To determine how well our model is performing, we define accuracy as the number of correct predictions/the number of predictions as a percentage. This will be done using several different algorithms to determine which is the best for this dataset.
# Spot Check Algorithms
models = []
models.append(('LR', LogisticRegression(solver='liblinear', multi_class='ovr')))
models.append(('LDA', LinearDiscriminantAnalysis()))
models.append(('KNN', KNeighborsClassifier()))
models.append(('CART', DecisionTreeClassifier()))
models.append(('NB', GaussianNB()))
models.append(('SVM', SVC(gamma='auto')))
# evaluate each model in turn
results = []
names = []
for name, model in models:
kfold = StratifiedKFold(n_splits=10, random_state=1, shuffle=True)
cv_results = cross_val_score(model, X_train, Y_train, cv=kfold, scoring='accuracy')
results.append(cv_results)
names.append(name)
print('%s: %f (%f)' % (name, cv_results.mean(), cv_results.std()))
LR: 0.941667 (0.065085) LDA: 0.975000 (0.038188) KNN: 0.958333 (0.041667) CART: 0.941667 (0.038188) NB: 0.950000 (0.055277) SVM: 0.983333 (0.033333)
# Compare Algorithms
pyplot.boxplot(results, labels=names)
pyplot.title('Algorithm Comparison')
pyplot.show()
From this analysis the SVM (Support Vector Machines) algorithm produced the best results. Therefore it will be tested against the validation set which was set aside earlier.
# Make predictions on validation dataset
model = SVC(gamma='auto')
model.fit(X_train, Y_train)
predictions = model.predict(X_validation)
# Evaluate predictions
print(accuracy_score(Y_validation, predictions))
print(confusion_matrix(Y_validation, predictions))

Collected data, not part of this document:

Lemma unitary_relabel_conj (C : numClosedFieldType) (T : finType) p (e : T -> 'I_p)
    (U : 'M[C]_p) :
  bijective e -> unitary U -> unitary (relabel_mx C e *m U *m (relabel_mx C e)^T).
Proof.
move=> e_bij; rewrite -adj_relabel_mx; apply: unitary_conj_iso.
  by rewrite adj_relabel_mx tr_relabel_mxK.
by rewrite adj_relabel_mx relabel_mxK //; apply: bij_inj.
Qed.

Lemma ket_dot (C : numClosedFieldType) (T : finType) (x y : T) :
  (adj (ket C x) *m ket C y) 0 0 = (x == y)%:R.
Proof. by rewrite mulmx_ket !mxE eqxx andbT rmorph_nat (inj_eq enum_rank_inj) eq_sym. Qed.

Lemma dot_ket_sum (C : numClosedFieldType) (T I J : finType) (a : I -> C) (b : J -> C)
    (u : I -> T) (v : J -> T) :
  (adj (\sum_i a i *: ket C (u i)) *m (\sum_j b j *: ket C (v j))) 0 0 =
    \sum_i \sum_j (a i)^* * b j * (u i == v j)%:R.
Proof.
rewrite adj_sumZ mulmx_suml summxE; apply: eq_bigr => i _.
rewrite -scalemxAl mulmx_sumr mxE summxE mulr_sumr; apply: eq_bigr => j _.
by rewrite -scalemxAr mxE ket_dot mulrA.
Qed.

Lemma sum_mul_cond (R : pzSemiRingType) (I J : finType) (P : pred I) (Q : pred J)
    (F : I -> R) (G : J -> R) :
  \sum_i \sum_j F i * G j * (P i && Q j)%:R = (\sum_(i | P i) F i) * (\sum_(j | Q j) G j).
Proof.
rewrite big_distrlr /= [RHS]big_mkcond; apply: eq_bigr => i _.
case: (P i); last by rewrite big1 // => j _; rewrite andFb mulr0.
by rewrite [RHS]big_mkcond; apply: eq_bigr => j _; case: (Q j); rewrite ?mulr1 ?mulr0.
Qed.

Lemma sqrtC_sum_unique (C : numClosedFieldType) (I : finType) (P : pred I) (f : I -> C) :
  (forall k l, P k -> P l -> k = l) ->
  \sum_(l | P l) sqrtC (f l) = sqrtC (\sum_(l | P l) f l).
Proof.
move=> P_uniq; case: (pickP P) => [l0 Pl0 | P0]; last by rewrite !big_pred0 ?sqrtC0.
have P1 : P =1 pred1 l0 by move=> l; apply/idP/eqP => [Pl | ->]; [exact: P_uniq|].
by rewrite !(big_pred1 l0 P1).
Qed.

Lemma high_idx_proof n m (i : 'I_(2 ^ n)) : (i %/ 2 ^ m < 2 ^ (n - m))%N.
Proof.
rewrite ltn_divLR ?pow2_gt0 // -expnD (leq_trans (ltn_ord i)) // leq_exp2l //; lia.
Qed.

Definition high_idx n m (i : 'I_(2 ^ n)) : 'I_(2 ^ (n - m)) := Ordinal (high_idx_proof m i).

Definition Sp_rest n m := ('I_(2 ^ (n - m)) * 'I_2 * 'I_2 * 'I_(2 ^ n))%type.

(* Reorderings of the registers putting the one acted upon first, as the left
   factor of [*t]. *)
Definition del0_split n (x : Sp n) : 'I_(#|{: Sp3 n}| * 2) :=
  let: (i, a, b, j) := x in mxtens_index (enum_rank ((i, a, j) : Sp3 n), b).

Definition prep_rest n m (x : Sp n) : Sp_rest n m :=
  let: (i, a, b, j) := x in (high_idx m i, a, b, j).

Definition prep_split n m (x : Sp n) : 'I_(2 ^ m * #|{: Sp_rest n m}|) :=
  mxtens_index (lowidx m x.1.1.1, enum_rank (prep_rest m x)).

Lemma del0_split_inj n : injective (@del0_split n).
Proof.
move=> [[[i a] b] j] [[[i' a'] b'] j'] /(can_inj (@mxtens_indexK _ _)) [].
by move=> /enum_rank_inj [-> -> ->] ->.
Qed.

Lemma del0_split_bij n : bijective (@del0_split n).
Proof.
apply: inj_card_bij (@del0_split_inj n) _.
by rewrite card_ord !card_prod !card_ord; lia.
Qed.

Lemma prep_split_inj n m : injective (@prep_split n m).
Proof.
move=> [[[i a] b] j] [[[i' a'] b'] j'] /(can_inj (@mxtens_indexK _ _)) [].
move=> lo_eq /enum_rank_inj [hi_eq -> -> ->].
suff -> : i = i' by [].
by apply: val_inj; rewrite /= (divn_eq i (2 ^ m)) lo_eq hi_eq -divn_eq.
Qed.

Lemma prep_split_bij n m : (m <= n)%N -> bijective (@prep_split n m).
Proof.
move=> mn; apply: inj_card_bij (@prep_split_inj n m) _.
by rewrite card_ord !card_prod !card_ord !mulnA -expnD subnKC.
Qed.

Section SubsystemOperators.
Variables (C : comNzRingType) (n : nat).

Lemma ext_del0E (O : 'M[C]_#|{: Sp3 n}|) :
  ext_del0 O =
    relabel_mx C (@del0_split n) *m (O *t 1%:M) *m (relabel_mx C (@del0_split n))^T.
Proof.
apply/matrixP => r s; rewrite -[r]enum_valK -[s]enum_valK relabel_conjE mxE !enum_rankK.
case: (enum_val r) => [[[i a] b] j]; case: (enum_val s) => [[[i' a'] b'] j'].
by rewrite tensmxE mxE mulrC.
Qed.

Lemma prep_extE m (P : 'M[C]_(2 ^ m)) :
  prep_ext n P =
    relabel_mx C (@prep_split n m) *m (P *t 1%:M) *m (relabel_mx C (@prep_split n m))^T.
Proof.
apply/matrixP => r s; rewrite -[r]enum_valK -[s]enum_valK relabel_conjE mxE !enum_rankK.
case: (enum_val r) => [[[i a] b] j]; case: (enum_val s) => [[[i' a'] b'] j'].
rewrite tensmxE mxE (inj_eq enum_rank_inj) !xpair_eqE mulrC.
by rewrite -[high_idx m i == _]val_eqE /= !andbA.
Qed.

Lemma ext_del0_ket (O : 'M[C]_#|{: Sp3 n}|) i a b j i' a' j' :
  O *m ket C ((i, a, j) : Sp3 n) = ket C ((i', a', j') : Sp3 n) ->
  ext_del0 O *m ket C ((i, a, b, j) : Sp n) = ket C ((i', a', b, j') : Sp n).
Proof.
move=> Oij; rewrite ext_del0E relabel_conj_ket tensmx_mul_delta.
rewrite [O *m _]Oij mul1mx tens_delta_col.
by rewrite -(relabel_mx_delta C (@del0_split_inj n)).
Qed.

Lemma prep_ext_ket m (P : 'M[C]_(2 ^ m)) (x : Sp n) (I : finType) (w : I -> C)
    (y : I -> Sp n) :
  P *m delta_mx (lowidx m x.1.1.1) 0 =
    \sum_t w t *: delta_mx (lowidx m (y t).1.1.1) (0 : 'I_1) ->
  (forall t, prep_rest m (y t) = prep_rest m x) ->
  prep_ext n P *m ket C x = \sum_t w t *: ket C (y t).
Proof.
move=> Px rest_y.
rewrite prep_extE relabel_conj_ket tensmx_mul_delta Px mul1mx tensmx_sumZl mulmx_sumr.
apply: eq_bigr => t _; rewrite -scalemxAr tens_delta_col -(rest_y t).
by rewrite (relabel_mx_delta C (@prep_split_inj n m)).
Qed.

End SubsystemOperators.

Lemma unitary_ext_del0 (C : numClosedFieldType) n (O : 'M[C]_#|{: Sp3 n}|) :
  unitary O -> unitary (ext_del0 O).
Proof.
move=> Ou; rewrite ext_del0E.
exact: unitary_relabel_conj (del0_split_bij n) (unitary_tensmx Ou (unitary1 _ _)).
Qed.

Lemma unitary_prep_ext (C : numClosedFieldType) n m (P : 'M[C]_(2 ^ m)) :
  (m <= n)%N -> unitary P -> unitary (prep_ext n P).
Proof.
move=> mn Pu; rewrite prep_extE.
exact: unitary_relabel_conj (prep_split_bij mn) (unitary_tensmx Pu (unitary1 _ _)).
Qed.

Lemma swapfK n : involutive (@swapf n).
Proof. by case=> [[[i a] b] j]. Qed.

Lemma swap_mx_ket (C : nzRingType) n (x : Sp n) : swap_mx C n *m ket C x = ket C (swapf x).
Proof.
apply/matrixP => r s; rewrite mulmx_ket !mxE enum_rankK [s]ord1 eqxx andbT.
by rewrite (can2_eq (@enum_valK _) (@enum_rankK _)).
Qed.

Lemma swap_mx_sum_ket (C : comNzRingType) n (I : finType) (a : I -> C) (y : I -> Sp n) :
  swap_mx C n *m (\sum_t a t *: ket C (y t)) = \sum_t a t *: ket C (swapf (y t)).
Proof. by rewrite mulmx_sumr; apply: eq_bigr => t _; rewrite -scalemxAr swap_mx_ket. Qed.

print(classification_report(Y_validation, predictions))
0.9666666666666667 [[11 0 0] [ 0 12 1] [ 0 0 6]] precision recall f1-score support Iris-setosa 1.00 1.00 1.00 11 Iris-versicolor 1.00 0.92 0.96 13 Iris-virginica 0.86 1.00 0.92 6 accuracy 0.97 30 macro avg 0.95 0.97 0.96 30 weighted avg 0.97 0.97 0.97 30
The matrix shown above is the confusion matrix. The columns show the observed frequencies while the rows show predicted frequencies. Therefore ideally you would want to see a diagonal matrix with the off-diagonals all equal to 0.
Precision is the fraction of true positives (TP) over the total number of positives returned by the program (relevant retrieved results/retrieved results). In other words, how many flowers were actually of that species over the amount the algorithm predicted were of that species. Mathematically: $TP/(TP+FP)$
Recall is the fraction of the true positives over the total number of positives in actuality (how many relevant items are retrieved). In other words, out of all the flowers of a particular species, how many did the algorithm correctly identifiy? Mathematically: $TP/(TP+FN)$
The F1-score is the harmonic mean of the precision and recall. This is calculated as: $$F_1=\frac{2}{R^{-1}+P^{-1}}=2\times\frac{P\times R}{P+R}=\frac{TP}{TP+\frac{1}{2}(FP+FN)}$$
Support is the number of actual occurences of the class in the dataset. In other words, how many flowers of this species were in the sample.